We can access the first and the last nodes of efficiently, as we have a reference to them in the memory. However, if we want to access any other part of the list, we have to start from either end and move jump by jump, following the references in the nodes. Thus to access the element in the middle of the list takes O(n). We have to access the nodes through their refence links, as the nodes can be scattered anywhere in the memory and we have no straight access, where which node is stored.

Tree

In computer science, a tree is a widely used data structure. Like the linked list, it is based on nodes which are linked to one another in a specific way. There are several tree structures, but we are going to look at binary tree and its derivative, binary search tree.

Unlike the natural trees you can find from the nature, these trees have their roots at the top, and leafs at the bottom.

Binary tree

A binary tree is made out of n nodes. At the top of the tree is a node, which is called a root. Since we are looking at a binary tree (bi = duality, a pair), each node can have two children, left and right, and all the nodes (excluding the root) can have exactly one parent. The leafs of the tree are the nodes without any children.

The structure of a binary tree is recursive: Each node works as a root for a subtree, which is also a binary tree. The subtree of a node x contains the node x itself, and all the nodes we can access by going downwards from said node. We can also think that every child of a node is (a possibly empty) binary tree.

Binary tree 1
lähde: Tietorakenteet ja algoritmit

In the picture above we have a binary tree with 8 nodes. Node 1 is the root, and nodes 4, 5, 6 and 8 are its leafs. Node 3's left child is 5, right child is 6, and parent is 1. The subtree of node 3 contains nodes 3, 5, 6, 7 and 8.

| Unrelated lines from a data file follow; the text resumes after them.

Lemma five_elements (T : finType) (A : {set T}) : 5 <= #|A| ->
  exists2 h : nat -> T, {in five &, injective h} & {in five, forall i, h i \in A}.
Proof.
move=> A5; have [x0 _] : exists x0, x0 \in A by apply/card_gt0P; lia.
pose hs := take 5 (enum A); have size_hs : size hs = 5 by rewrite size_takel // -cardE.
exists (nth x0 hs) => [i j | i]; rewrite ?mem_iota /= => i5.
  move=> j5 /eqP; rewrite nth_uniq ?size_hs ?take_uniq ?enum_uniq //.
  by move/eqP.
have /mem_take : nth x0 hs i \in hs by rewrite mem_nth ?size_hs.
by rewrite mem_enum.
Qed.

Section MinoritySets.
Variables (T : finType) (e : rel T).
Hypotheses (eS : symmetric e) (eirr : irreflexive e).

Definition nonnbh t : {set T} := [set w | (w != t) && ~~ e t w].
Definition sparse t : bool := #|nbh e t| <= 2.
Definition minority t : {set T} := if sparse t then nbh e t else nonnbh t.

Lemma minority_irr t : t \notin minority t.
Proof. by rewrite /minority; case: (sparse t); rewrite !inE ?eqxx ?eirr. Qed.

Lemma mem_minority t w : w != t -> (w \in minority t) = (e t w == sparse t).
Proof.
by move=> wt; rewrite /minority; case: (sparse t); rewrite !inE ?wt; case: (e t w).
Qed.

Lemma minority_trace_class (W : {set T}) t u v : t \in W -> u \notin W ->
  v \in trace_class e W u -> (v \in minority t) = (u \in minority t).
Proof.
move=> tW uW vu; have vW : v \notin W by move: vu; rewrite !inE => /andP [].
rewrite !mem_minority ?(eS t) ?(trace_classP tW vu) //.
  by apply: contraNneq uW => ->.
by apply: contraNneq vW => ->.
Qed.

Lemma card_nbh_nonnbh t : #|nbh e t| + #|nonnbh t| = #|T|.-1.
Proof.
rewrite -(cardsC1 t) -(cardsID (nbh e t) [set~ t]); congr (_ + _); apply: eq_card => w.
  by rewrite !inE; case: eqVneq => // ->; rewrite eirr.
by rewrite !inE andbC.
Qed.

The depth of the root of the binary tree is 0 and the depth of all the other nodes is one greater than that of their parent. The height of a binary tree is the greatest depth in the tree, or the greatest amount of steps from the root to the lowest leaf. In our picture above, the height is 3, as the depth of nodes 7 and 8 is 3.

Binary tree 2
lähde: Tietorakenteet ja algoritmit

If the height of the binary tree is h, it has at least h+1 nodes, when it is just a list of nodes, and at most 2^(h+1) -1 nodes, when all the levels have all the possible nodes. The picture above shows these examples, when the height is 2.

Binary tree operations

We can implement the binary tree as a linked structure, so that each node is an object, which has a reference to the left and the right child, and possible other fields, like the value of the node. If the node does not have a left or right child, that reference is null.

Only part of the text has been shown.